(* Let $a\ge b\ge1$ be integers with either $b\ge2$, or $b=1$ and $a\ge5$, and define $c_j,d_j$ ($j\in\mathbb Z_+$) by $c_0=d_0=0$, $c_1=d_1=1$, $c_{k+2}+c_k=a d_{k+1}$, $d_{k+2}+d_k=b c_{k+1}$. Then for all $k\ge0$: $$bc_{k+1}^2+ad_k^2-abc_{k+1}d_k+abc_{k+1}-2ad_k+a>0,$$ $$bc_k^2+ad_{k+1}^2-abc_kd_{k+1}-2bc_k+abd_{k+1}+b>0.$$
   Context: $\mathbb Z_+=\{0,1,2,\dots\}$. *)

From Stdlib Require Import ZArith.
Open Scope Z_scope.

(* cd a b n = (c_n, c_{n+1}, d_n, d_{n+1}) where
   c_0=d_0=0, c_1=d_1=1, c_{k+2} = a d_{k+1} - c_k, d_{k+2} = b c_{k+1} - d_k. *)
Fixpoint cd4 (a b : Z) (n : nat) : Z * Z * Z * Z :=
  match n with
  | O => (0, 1, 0, 1)
  | S m => let '(c0, c1, d0, d1) := cd4 a b m in
           (c1, a * d1 - c0, d1, b * c1 - d0)
  end.

Definition cseq (a b : Z) (n : nat) : Z := let '(c, _, _, _) := cd4 a b n in c.
Definition dseq (a b : Z) (n : nat) : Z := let '(_, _, d, _) := cd4 a b n in d.

Lemma cseq_rec a b k : cseq a b (S (S k)) + cseq a b k = a * dseq a b (S k).
Proof. unfold cseq, dseq; simpl; destruct (cd4 a b k) as [[[c0 c1] d0] d1]; simpl; ring. Qed.
Lemma dseq_rec a b k : dseq a b (S (S k)) + dseq a b k = b * cseq a b (S k).
Proof. unfold cseq, dseq; simpl; destruct (cd4 a b k) as [[[c0 c1] d0] d1]; simpl; ring. Qed.
Lemma cseq_init a b : cseq a b 0 = 0 /\ cseq a b 1 = 1 /\ dseq a b 0 = 0 /\ dseq a b 1 = 1.
Proof. repeat split. Qed.

From Stdlib Require Import ZArith Lia.
Open Scope Z_scope.

(* Both sequences are governed by one pair (e_m, f_m): c_{2m} = a e_m,
   d_{2m} = b e_m and c_{2m+1} = d_{2m+1} = f_m, where, with t = ab,
   (e, f) -> (f - e, t (f - e) - f).  This step preserves the binary form
   f^2 - t e f + t e^2, which equals 1 at (0, 1), and for t >= 4 it
   preserves 0 <= e and 2 e <= f.  Each of the four expressions of the
   theorem is a positive multiple of that form plus a multiple of f - 2 e
   (even k) or of t (f - e) - 2 f + 1 >= 1 (odd k), hence positive. *)

Definition form1 (a b c d : Z) : Z :=
  b * c ^ 2 + a * d ^ 2 - a * b * c * d + a * b * c - 2 * a * d + a.

Definition form2 (a b c d : Z) : Z :=
  b * c ^ 2 + a * d ^ 2 - a * b * c * d - 2 * b * c + a * b * d + b.

Definition pell_form (t e f : Z) : Z := f ^ 2 - t * e * f + t * e ^ 2.

Fixpoint ef (t : Z) (m : nat) : Z * Z :=
  match m with
  | O => (0, 1)
  | S m => let '(e, f) := ef t m in (f - e, t * (f - e) - f)
  end.

Lemma cd4_double (a b : Z) (m : nat) :
  cd4 a b (2 * m) =
  (a * fst (ef (a * b) m), snd (ef (a * b) m),
   b * fst (ef (a * b) m), snd (ef (a * b) m)).
Proof.
  induction m as [|m IH]; [cbn; now rewrite !Z.mul_0_r|].
  replace (2 * S m)%nat with (S (S (2 * m))) by lia.
  cbn [cd4 ef]; rewrite IH.
  destruct (ef (a * b) m) as [e f]; cbn.
  f_equal; [f_equal; [f_equal|]|]; ring.
Qed.

Lemma pell_form_ef (t : Z) (m : nat) :
  pell_form t (fst (ef t m)) (snd (ef t m)) = 1.
Proof.
  induction m as [|m IH]; [cbn; unfold pell_form; ring|].
  cbn [ef]; destruct (ef t m) as [e f]; cbn [fst snd] in *.
  rewrite <- IH; unfold pell_form; ring.
Qed.

Lemma ef_growth (t : Z) (m : nat) :
  4 <= t -> 0 <= fst (ef t m) /\ 2 * fst (ef t m) <= snd (ef t m).
Proof.
  intros Ht; induction m as [|m IH]; cbn [ef]; [cbn; lia|].
  destruct (ef t m) as [e f]; cbn [fst snd] in *; destruct IH as [He Hef].
  assert (Hfe : 4 * (f - e) <= t * (f - e)) by nia.
  lia.
Qed.

Lemma forms_pos_even_pair (a b e f : Z) :
  1 <= a -> 1 <= b -> pell_form (a * b) e f = 1 -> 2 * e <= f ->
  form1 a b f (b * e) > 0 /\ form2 a b (a * e) f > 0.
Proof.
  intros Ha Hb Hpell Hef.
  assert (H1 : form1 a b f (b * e) = b * pell_form (a * b) e f + a * b * (f - 2 * e) + a)
    by (unfold form1, pell_form; ring).
  assert (H2 : form2 a b (a * e) f = a * pell_form (a * b) e f + a * b * (f - 2 * e) + b)
    by (unfold form2, pell_form; ring).
  assert (Hgap : 0 <= a * b * (f - 2 * e)) by (apply Z.mul_nonneg_nonneg; lia).
  rewrite H1, H2, Hpell; lia.
Qed.

Lemma forms_pos_odd_pair (a b e f : Z) :
  1 <= a -> 1 <= b -> 4 <= a * b -> pell_form (a * b) e f = 1 ->
  0 <= e -> 2 * e <= f ->
  form1 a b (a * (f - e)) f > 0 /\ form2 a b f (b * (f - e)) > 0.
Proof.
  intros Ha Hb Ht Hpell He Hef.
  assert (Hgap : 1 <= a * b * (f - e) - 2 * f + 1) by nia.
  assert (H1 : form1 a b (a * (f - e)) f
               = a * pell_form (a * b) e f + a * (a * b * (f - e) - 2 * f + 1))
    by (unfold form1, pell_form; ring).
  assert (H2 : form2 a b f (b * (f - e))
               = b * pell_form (a * b) e f + b * (a * b * (f - e) - 2 * f + 1))
    by (unfold form2, pell_form; ring).
  rewrite H1, H2, Hpell; nia.
Qed.

Lemma forms_pos (a b : Z) (k : nat) :
  1 <= a -> 1 <= b -> 4 <= a * b ->
  form1 a b (cseq a b (S k)) (dseq a b k) > 0 /\
  form2 a b (cseq a b k) (dseq a b (S k)) > 0.
Proof.
  intros Ha Hb Ht.
  destruct (Nat.Even_or_Odd k) as [[m ->]|[m ->]].
  - pose proof (pell_form_ef (a * b) m) as Hpell.
    pose proof (ef_growth (a * b) m Ht) as [He Hef].
    unfold cseq, dseq; cbn [cd4]; rewrite cd4_double.
    destruct (ef (a * b) m) as [e f]; cbn [fst snd] in *.
    now apply forms_pos_even_pair.
  - pose proof (pell_form_ef (a * b) m) as Hpell.
    pose proof (ef_growth (a * b) m Ht) as [He Hef].
    replace (S (2 * m + 1)) with (2 * S m)%nat by lia.
    rewrite Nat.add_1_r.
    unfold cseq, dseq; cbn [cd4]; rewrite !cd4_double; cbn [ef].
    destruct (ef (a * b) m) as [e f]; cbn [fst snd] in *.
    now apply forms_pos_odd_pair.
Qed.

Theorem lemma3p6 (a b : Z) :
  a >= b -> b >= 1 -> (b >= 2 \/ (b = 1 /\ a >= 5)) ->
  forall k : nat,
    b * cseq a b (S k) ^ 2 + a * dseq a b k ^ 2
      - a * b * cseq a b (S k) * dseq a b k + a * b * cseq a b (S k)
      - 2 * a * dseq a b k + a > 0 /\
    b * cseq a b k ^ 2 + a * dseq a b (S k) ^ 2
      - a * b * cseq a b k * dseq a b (S k) - 2 * b * cseq a b k
      + a * b * dseq a b (S k) + b > 0.
Proof.
  intros Hab Hb Hcases k.
  assert (Ht : 4 <= a * b) by (destruct Hcases as [? | [-> ?]]; nia).
  exact (forms_pos a b k ltac:(lia) ltac:(lia) Ht).
Qed.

## Task prompt:
From the listing above, output exactly the run of lines that starts with the line containing "f^2 - t e f" and ends with the line containing "Definition pell_form (t".

## Completed task:
   f^2 - t e f + t e^2, which equals 1 at (0, 1), and for t >= 4 it
   preserves 0 <= e and 2 e <= f.  Each of the four expressions of the
   theorem is a positive multiple of that form plus a multiple of f - 2 e
   (even k) or of t (f - e) - 2 f + 1 >= 1 (odd k), hence positive. *)

Definition form1 (a b c d : Z) : Z :=
  b * c ^ 2 + a * d ^ 2 - a * b * c * d + a * b * c - 2 * a * d + a.

Definition form2 (a b c d : Z) : Z :=
  b * c ^ 2 + a * d ^ 2 - a * b * c * d - 2 * b * c + a * b * d + b.

Definition pell_form (t e f : Z) : Z := f ^ 2 - t * e * f + t * e ^ 2.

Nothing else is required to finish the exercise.